If you wanted to be fancy, you could make your mold out of mild steel, held together with bolts. Before pouring the lead, smoke the inside of the mold very well with a candle to keep the lead from sticking to it. Pour your lead and let it cool well. Then take the mold apart to remove the lead. You can then reassemble your mold and use it again.

If you made several of these molds, about 25 to 30 cm long, you could make a lot of ammo with just one melt. If you make the molds much longer than 30 cm, the lead might start to set up before you get the mold full.

It ain't pretty, but it works. Square ammo is about as accurate as roundball, as long as you keep the weights more or less the same.

Cheers ...... Charles


----------



## RedRubber (Nov 8, 2011)

valleyshifter said:


> Thanks all for your responses! And special thanks to you RedRubber! Cheers! Dan.


Its on its way.


----------



## jskeen (Feb 7, 2011)

I would add to Charles's post about making lead cubes that once you get consistent lead cubes, it's pretty easy to swage them to (fairly) round with a spring swage and a big hammer. Standard blacksmith tooling, and lead is soft enough to work cold.

A quick google of "ball swage" should give lots of info.


----------



## slingshotwannabe (Oct 17, 2011)

thankyou so much charles for the advice. i will do the square ammo this weekend. thanks


----------



## Charles (Aug 26, 2010)

slingshotwannabe said:


> thankyou so much charles for the advice. i will do the square ammo this weekend. thanks


Good luck with it ... let us know how you get on. And of course I am having a brain fart by referring to "square ammo". I should have been saying "square sectioned ammo", but I just got lazy. And as was correctly pointed out by JSKeen, you will be making cubes of lead ... or at least something close to that.

For hunting, I think I would stick with the cubes rather than try to swage them into balls ... all those sharp corners and edges will do a lot of damage. Swaging the cubes into balls might well be worth it for more precise target work.

Best of luck with it.

Cheers ...... Charles


----------



## slingshotvibe (Sep 26, 2010)

Stick your finger in the sand fill with lead knock in the sides and tap ouyt of the sand


----------



## Alex Jacob (Jan 24, 2010)

Lead flashing works a treat, but mind your footing on the church roof... Just tried 10x50mm strips (just over 1mm thick) cut with scissors, rolled up and then squished with pliers. Takes about half a minute each, nice and consistent, gives a good grip in the pouch and a handful of the things dumped onto a table won't roll everywhere.

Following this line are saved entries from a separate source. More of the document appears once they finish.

(* Let $\alpha\in(0,1)$, $\gamma>0$, $a>0$, $b\in\mathbb R\setminus\{0\}$, and assume $\eta=0$. Then the operator $-\mathcal A$ is not invertible; consequently $0\in\sigma(\mathcal A)$.
   Context: Let $\mu(\xi)=|\xi|^{\frac{2\alpha-1}{2}}$ and $\kappa(\alpha)=\frac{\sin(\alpha\pi)}{\pi}$. Let $H^1_L(0,1)=\{u\in H^1(0,1):u(0)=0\}$. $\mathcal H=H^1_L(0,1)\times L^2(0,1)\times H^1_0(0,1)\times L^2(0,1)\times L^2(\mathbb R)$ with inner product $\langle(u,v,y,z,\omega),(\tilde u,\tilde v,\tilde y,\tilde z,\tilde\omega)\rangle_{\mathcal H}=\int_0^1(v\bar{\tilde v}+u_x\bar{\tilde u}_x+z\bar{\tilde z}+a y_x\bar{\tilde y}_x)dx+\gamma\kappa(\alpha)\int_{\mathbb R}\omega\bar{\tilde\omega}\,d\xi$. $D(\mathcal A)$ is the set of $(u,v,y,z,\omega)\in\mathcal H$ with $u\in H^2(0,1)\cap H^1_L(0,1)$, $y\in H^2(0,1)\cap H^1_0(0,1)$, $v\in H^1_L(0,1)$, $z\in H^1_0(0,1)$, $-(\xi^2+\eta)\omega+v(1)\mu(\xi)\in L^2(\mathbb R)$, $|\xi|\omega\in L^2(\mathbb R)$, $u_x(1)+\gamma\kappa(\alpha)\int_{\mathbb R}\mu(\xi)\omega(\xi)d\xi=0$, and $\mathcal A(u,v,y,z,\omega)=(v,\,u_{xx}-bz,\,z,\,ay_{xx}+bv,\,-(\xi^2+\eta)\omega+v(1)\mu(\xi))$. *)

From HB Require Import structures.
From mathcomp Require Import all_boot all_order all_algebra.
From mathcomp Require Import all_classical all_reals all_analysis.
From mathcomp Require Import complex.
Set Implicit Arguments. Unset Strict Implicit. Unset Printing Implicit Defensive.
Import Order.TTheory GRing.Theory Num.Theory.
Import numFieldNormedType.Exports.
Local Open Scope classical_set_scope.
Local Open Scope ring_scope.
Local Open Scope complex_scope.

Section Defs.
Variable R : realType.
Notation C := (R[i]).
Notation leb := (@lebesgue_measure R).

Definition cre (z : C) : R := complex.Re z.
Definition cim (z : C) : R := complex.Im z.

Definition cmeas (D : set R) (f : R -> C) :=
  measurable_fun D (fun x => cre (f x)) /\ measurable_fun D (fun x => cim (f x)).

Definition L2on (D : set R) (f : R -> C) :=
  cmeas D f /\
  leb.-integrable D (fun x => ((cre (f x)) ^+ 2 + (cim (f x)) ^+ 2)%:E).

Definition L1on (D : set R) (f : R -> C) :=
  leb.-integrable D (fun x => (cre (f x))%:E) /\
  leb.-integrable D (fun x => (cim (f x))%:E).

Definition cint (D : set R) (f : R -> C) : C :=
  complex.Complex (\int[leb]_(x in D) cre (f x))%R (\int[leb]_(x in D) cim (f x))%R.

Definition aeq (D : set R) (f g : R -> C) :=
  {ae leb, forall x, D x -> f x = g x}.

(** [H1rep u ux]: u (its continuous representative on [0,1]) belongs to
    H^1(0,1) with weak derivative ux, i.e. ux is in L^2(0,1) and
    u x = u 0 + int_0^x ux for all x in [0,1]. *)
Definition H1rep (u ux : R -> C) :=
  L2on `[0, 1] ux /\
  forall x, 0 <= x <= 1 -> u x = u 0 + cint `[0, x] ux.

Definition kappa (alpha : R) : R := sin (alpha * pi) / pi.
Definition mu (alpha : R) (xi : R) : R := `|xi| `^ ((2 * alpha - 1) / 2).

(** A state (u, v, y, z, omega); components are representatives of
    functions on (0,1) (first four) and on the real line (omega). *)
Record state := State { st_u : R -> C; st_v : R -> C; st_y : R -> C;
                        st_z : R -> C; st_w : R -> C }.

Definition inH (U : state) :=
  [/\ (exists ux, H1rep (st_u U) ux) /\ st_u U 0 = 0,
      L2on `[0, 1] (st_v U),
      (exists yx, H1rep (st_y U) yx) /\ st_y U 0 = 0 /\ st_y U 1 = 0,
      L2on `[0, 1] (st_z U) &
      L2on setT (st_w U)].

Definition eqH (U V : state) :=
  [/\ aeq `[0, 1] (st_u U) (st_u V), aeq `[0, 1] (st_v U) (st_v V),
      aeq `[0, 1] (st_y U) (st_y V), aeq `[0, 1] (st_z U) (st_z V) &
      aeq setT (st_w U) (st_w V)].

Definition negH (U : state) : state :=
  State (fun x => - st_u U x) (fun x => - st_v U x) (fun x => - st_y U x)
        (fun x => - st_z U x) (fun x => - st_w U x).

Definition Aw (alpha eta : R) (U : state) : R -> C :=
  fun xi => - ((xi ^+ 2 + eta)%:C * st_w U xi) + st_v U 1 * (mu alpha xi)%:C.

Definition DAwit (alpha gamma eta : R) (U : state) (ux uxx yx yxx : R -> C) :=
  [/\ H1rep (st_u U) ux /\ H1rep ux uxx /\ st_u U 0 = 0,
      H1rep (st_y U) yx /\ H1rep yx yxx /\ st_y U 0 = 0 /\ st_y U 1 = 0,
      (exists vx, H1rep (st_v U) vx) /\ st_v U 0 = 0,
      (exists zx, H1rep (st_z U) zx) /\ st_z U 0 = 0 /\ st_z U 1 = 0 &
      [/\ L2on setT (st_w U),
          L2on setT (Aw alpha eta U),
          L2on setT (fun xi => (`|xi|)%:C * st_w U xi),
          L1on setT (fun xi => (mu alpha xi)%:C * st_w U xi) &
          ux 1 + (gamma * kappa alpha)%:C *
                 cint setT (fun xi => (mu alpha xi)%:C * st_w U xi) = 0]].

Definition inDA (alpha gamma eta : R) (U : state) :=
  exists ux uxx yx yxx, DAwit alpha gamma eta U ux uxx yx yxx.

Definition Aeq (alpha gamma a b eta : R) (U F : state) :=
  exists ux uxx yx yxx, DAwit alpha gamma eta U ux uxx yx yxx /\
  [/\ aeq `[0, 1] (st_u F) (st_v U),
      aeq `[0, 1] (st_v F) (fun x => uxx x - b%:C * st_z U x),
      aeq `[0, 1] (st_y F) (st_z U),
      aeq `[0, 1] (st_z F) (fun x => a%:C * yxx x + b%:C * st_v U x) &
      aeq setT (st_w F) (Aw alpha eta U)].

Definition negA_invertible (alpha gamma a b eta : R) :=
  (forall F, inH F -> exists U, inDA alpha gamma eta U /\
                               Aeq alpha gamma a b eta U (negH F)) /\
  (forall U U' F, Aeq alpha gamma a b eta U F ->
                  Aeq alpha gamma a b eta U' F -> eqH U U').

End Defs.

(* For eta = 0 the last component of -A U = F reads xi^2 omega(xi) = f(xi) + v(1) mu(xi).
   Take F = (0, 0, 0, 0, 1_[0,1]) in H.  If v(1) = 0 then |omega|^2 = xi^-4 on (0, 1];
   otherwise, since mu(xi) >= |xi| for |xi| <= 1, |omega|^2 >= |v(1)|^2 xi^-2 on [-1, 0).
   In both cases omega is not square integrable near 0, so F has no preimage in D(A). *)
From mathcomp Require Import all_boot all_order all_algebra.
From mathcomp Require Import all_classical all_reals all_analysis.
From mathcomp Require Import complex measurable_realfun ring lra.
Set Implicit Arguments.
Unset Strict Implicit.
Unset Printing Implicit Defensive.
Import Order.TTheory GRing.Theory Num.Theory.
Local Open Scope classical_set_scope.
Local Open Scope ring_scope.
Local Open Scope complex_scope.

(* The library's [Filter] hint for [almost_everywhere] does not fire on [lebesgue_measure]. *)
#[local] Instance lebesgue_ae_filter (R : realType) :
  Filter (nbhs (almost_everywhere (@lebesgue_measure R))) :=
  ae_filter_ringOfSetsType _.

Section NonInvertibility.
Variable R : realType.
Notation C := (R[i]).
Notation leb := (@lebesgue_measure R).

Definition sqnormc (z : C) : R := cre z ^+ 2 + cim z ^+ 2.

Lemma sqnormc_ge0 (z : C) : 0 <= sqnormc z.
Proof. by rewrite addr_ge0 ?sqr_ge0. Qed.

Lemma sqnormc_gt0 (z : C) : z != 0 -> 0 < sqnormc z.
Proof.
case: z => zr zi nz; rewrite lt_neqAle sqnormc_ge0 andbT eq_sym.
apply: contra nz; rewrite paddr_eq0 ?sqr_ge0 // !sqrf_eq0.
by case/andP => /eqP /= -> /eqP ->.
Qed.

Lemma sqnormcMr (z : C) (r : R) : sqnormc (z * r%:C) = sqnormc z * r ^+ 2.
Proof. case: z => zr zi; rewrite /sqnormc /cre /cim; simpc => /=; ring. Qed.

Lemma sqnormc1 : sqnormc 1 = 1.
Proof. by rewrite /sqnormc /cre /cim /= expr0n addr0 expr1n. Qed.

Lemma sqnormc_ge_of_sqr_mul_eq1 (x : R) (z : C) :
  0 < x <= 1 -> (x ^+ 2)%:C * z = 1 -> 1 <= x ^+ 2 * sqnormc z.
Proof.
move=> /andP[x_gt0 x_le1] /(congr1 sqnormc); rewrite mulrC sqnormcMr sqnormc1 => zE.
have x2_gt0 : 0 < x ^+ 2 by rewrite exprn_gt0.
nra.
Qed.

Lemma sqnormc_ge_of_sqr_mul_eq_scale (x m : R) (z c : C) :
  x != 0 -> `|x| <= m -> (x ^+ 2)%:C * z = c * m%:C -> sqnormc c <= x ^+ 2 * sqnormc z.
Proof.
move=> x_neq0 x_le_m /(congr1 sqnormc); rewrite mulrC !sqnormcMr => zE.
have x2_gt0 : 0 < x ^+ 2 by rewrite exprn_even_gt0.
have x2_le : x ^+ 2 <= m ^+ 2.
  by rewrite -real_normK ?num_real // ler_sqr ?nnegrE // (le_trans _ x_le_m).
have := sqnormc_ge0 c; nra.
Qed.

Lemma mu_ge_norm (alpha x : R) : alpha <= 3 / 2 -> `|x| <= 1 -> `|x| <= mu alpha x.
Proof.
move=> alpha_le x_le1; have [->|x_neq0] := eqVneq x 0; first by rewrite normr0 powR_ge0.
rewrite /mu -{1}(powRr1 (normr_ge0 x)); apply: ger_powR; last lra.
by rewrite normr_gt0 x_neq0.
Qed.

Lemma ge0_integral_ge_mass (g : R -> \bar R) (A : set R) (c : R) :
  measurable A -> 0 <= c -> measurable_fun setT g -> (forall x, (0 <= g x)%E) ->
  {ae leb, forall x, A x -> (c%:E <= g x)%E} ->
  (c%:E * leb A <= \int[leb]_x g x)%E.
Proof.
move=> mA c_ge0 mg g_ge0 g_ge; rewrite -integral_cst //.
apply: le_trans (ge0_subset_integral leb mA measurableT mg (fun x _ => g_ge0 x) (@subsetT _ _)).
by apply: ae_ge0_le_integral => //; exact: measurable_funS mg.
Qed.

Lemma not_integrable_inv_sqr (g : R -> R) (K : R) (D : set R) (A : nat -> set R) :
  0 < K -> (forall x, 0 <= g x) ->
  (forall n, measurable (A n)) -> (forall n, leb (A n) = (n.+1%:R^-1)%:E) ->
  (forall n, A n `<=` D) -> (forall n x, A n x -> x ^+ 2 <= n.+1%:R ^- 2) ->
  {ae leb, forall x, D x -> K <= x ^+ 2 * g x} ->
  ~ leb.-integrable setT (EFin \o g).
Proof.
move=> K_gt0 g_ge0 mA AE AD A_small g_ge.
have g_geA n : {ae leb, forall x, A n x -> ((K * n.+1%:R ^+ 2)%:E <= (g x)%:E)%E}.
  apply: filterS g_ge => x g_geK /[dup] /A_small x_small /AD /g_geK.
  rewrite lee_fin -ler_pdivlMr ?exprn_gt0 // => /le_trans; apply.
  by rewrite mulrC ler_wpM2l.
have gE_ge0 x : (0 <= (g x)%:E)%E by rewrite lee_fin.
move=> /integrableP[mg]; under eq_integral => x _ do rewrite /= ger0_norm //.
move=> int_fin.
have mass n : K * n.+1%:R <= fine (\int[leb]_x (g x)%:E).
  have c_ge0 : 0 <= K * n.+1%:R ^+ 2 by rewrite mulr_ge0 ?ltW.
  have := ge0_integral_ge_mass (mA n) c_ge0 mg gE_ge0 (g_geA n).
  rewrite AE -EFinM expr2 mulrA mulfK ?pnatr_eq0 //.
  by rewrite -lee_fin fineK // ge0_fin_numE ?integral_ge0.
have := mass (Num.truncn (fine (\int[leb]_x (g x)%:E) / K)).
by rewrite -ler_pdivlMl // mulrC leNgt truncnS_gt.
Qed.

Lemma not_L2on_inv_sqr_pos (w : R -> C) (K : R) : 0 < K ->
  {ae leb, forall x, 0 < x <= 1 -> K <= x ^+ 2 * sqnormc (w x)} -> ~ L2on setT w.
Proof.
move=> K_gt0 w_ge [_].
apply: (not_integrable_inv_sqr (D := fun x => 0 < x <= 1)
  (A := fun n => [set` `]0, n.+1%:R^-1]]) K_gt0 (fun x => sqnormc_ge0 (w x)) _ _ _ _ w_ge).
- by [].
- by move=> n; rewrite lebesgue_measure_itv /= lte_fin invr_gt0 ltr0n /= oppr0 adde0.
- move=> n x /=; rewrite in_itv /= => /andP[x_gt0 x_le].
  by rewrite x_gt0 (le_trans x_le) // invf_le1 ?ler1n ?ltr0n.
- move=> n x /=; rewrite in_itv /= -exprVn => /andP[x_gt0 x_le].
  by rewrite ler_sqr ?nnegrE ?invr_ge0 // ltW.
Qed.

Lemma not_L2on_inv_sqr_neg (w : R -> C) (K : R) : 0 < K ->
  {ae leb, forall x, -1 <= x < 0 -> K <= x ^+ 2 * sqnormc (w x)} -> ~ L2on setT w.
Proof.
move=> K_gt0 w_ge [_].
apply: (not_integrable_inv_sqr (D := fun x => -1 <= x < 0)
  (A := fun n => [set` `[- n.+1%:R^-1, 0[]) K_gt0 (fun x => sqnormc_ge0 (w x)) _ _ _ _ w_ge).
- by [].
- move=> n; rewrite lebesgue_measure_itv /= lte_fin oppr_lt0 invr_gt0 ltr0n /=.
  by rewrite add0e opprK.
- move=> n x /=; rewrite in_itv /= => /andP[x_ge x_lt0].
  by rewrite x_lt0 andbT (le_trans _ x_ge) // lerN2 invf_le1 ?ler1n ?ltr0n.
- move=> n x /=; rewrite in_itv /= -exprVn => /andP[x_ge x_lt0].
  by rewrite -sqrrN ler_sqr ?nnegrE ?invr_ge0 ?oppr_ge0 ?(ltW x_lt0) // lerNl.
Qed.

Definition indic01 (x : R) : C := (\1_`[0, 1] x : R)%:C.

Lemma not_L2on_sqr_mul_eq_indic01_mu (alpha : R) (c : C) (w : R -> C) : alpha <= 3 / 2 ->
  {ae leb, forall x, (x ^+ 2)%:C * w x = indic01 x + c * (mu alpha x)%:C} ->
  ~ L2on setT w.
Proof.
move=> alpha_le w_eq; have [c_eq0 | c_neq0] := eqVneq c 0.
- apply: (not_L2on_inv_sqr_pos ltr01); apply: filterS w_eq => x + x_01.
  rewrite c_eq0 mul0r addr0 /indic01 indicE mem_set; last first.
    by move: x_01; rewrite /= in_itv /= => /andP[/ltW-> ->].
  exact: sqnormc_ge_of_sqr_mul_eq1.
- apply: (not_L2on_inv_sqr_neg (sqnormc_gt0 c_neq0)); apply: filterS w_eq => x + /andP[x_ge x_lt0].
  rewrite /indic01 indicE memNset ?add0r; last by rewrite /= in_itv /= leNgt x_lt0.
  apply: sqnormc_ge_of_sqr_mul_eq_scale; first by rewrite lt_eqF.
  by rewrite mu_ge_norm // ltr0_norm // lerNl.
Qed.

Lemma L2on_cst0 (D : set R) : measurable D -> L2on D (fun=> 0 : C).
Proof.
move=> mD; split; first by split; exact: measurable_cst.
apply: (eq_integrable _ (cst 0%E)) => //; last exact: integrable0.
by move=> x _; rewrite /cre /cim /= expr0n addr0.
Qed.

Lemma H1rep_cst0 : H1rep (fun=> 0 : C) (fun=> 0).
Proof.
split=> [|x _]; first exact: L2on_cst0.
by rewrite add0r /cint /cre /cim /= !Rintegral_cst //= !mul0r.
Qed.

Definition indic01_state : state R :=
  State (fun=> 0) (fun=> 0) (fun=> 0) (fun=> 0) indic01.

Lemma inH_indic01_state : inH indic01_state.
Proof.
have H1_0 : exists ux, H1rep (fun=> 0 : C) ux by exists (fun=> 0); exact: H1rep_cst0.
split=> //=; try exact: L2on_cst0.
split; first by split; [exact: measurable_indic | exact: measurable_cst].
apply: eq_integrable (integrable_indic_itv 0 1 true false) => // x _.
rewrite /cre /cim /indic01 /= expr0n addr0.
by rewrite /indic; case: (_ \in _); rewrite /= ?expr1n ?expr0n.
Qed.

Lemma Aw0_eq (alpha x : R) (U : state R) (f : C) :
  - f = Aw alpha 0 U x -> (x ^+ 2)%:C * st_w U x = f + st_v U 1 * (mu alpha x)%:C.
Proof. by rewrite /Aw addr0 => fE; rewrite -[f]opprK fE opprD opprK subrK. Qed.

End NonInvertibility.

Theorem lemma2p6 (R : realType) (alpha gamma a b : R) :
  0 < alpha < 1 -> 0 < gamma -> 0 < a -> b != 0 ->
  ~ negA_invertible alpha gamma a b 0.
Proof.
move=> /andP[_ alpha_lt1] _ _ _ [solvable _].
have [U [_ [ux [uxx [yx [yxx [[_ _ _ _ [L2w _ _ _ _]] [_ _ _ _ w_eq]]]]]]]] :=
  solvable _ (inH_indic01_state R).
apply: (not_L2on_sqr_mul_eq_indic01_mu (alpha := alpha) (c := st_v U 1) _ _ L2w); first lra.
by apply: filterS w_eq => x /(_ I) /Aw0_eq.
Qed.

They shoot really well, too.


----------



## triville36 (Dec 14, 2011)

you can find some tutorial videos in youtube.


----------



## RockinRabbit (May 17, 2012)

so im really contemplating casting lead. but not as a hobbie to save money! do you huys all fiind it cost effective? to cast or are you more in it for the enjoyment of making your own ammo


----------



## MAV (Mar 18, 2012)

I have a Lee .44 dual chamber, works nice but a gang mold with more chambers would be obviously faster. Is it cost effective? Its cheaper then buying lead balls if you don't include your time. Heck, its relaxing for me, I cast for a couple hrs here and there when I need to catch up my inventory. The local metal scrap yard knows me, they set the lead aside and let me pick through it before they send it out. At first they charged me $.60 lb, clean lead and now they give it to me at $.40 lb. clean. I never crunched the numbers to see if it was cost effective, I enjoy it, just part of the hobby I guess.


----------



## Charles (Aug 26, 2010)

For the cheapest, best gang mold you can buy, contact this fellow:

http://buckshotmold.com/

Tell him you want it for slingshot ammo, and you might get a good deal on a mold that is not perfect for rifle or shotgun ammo.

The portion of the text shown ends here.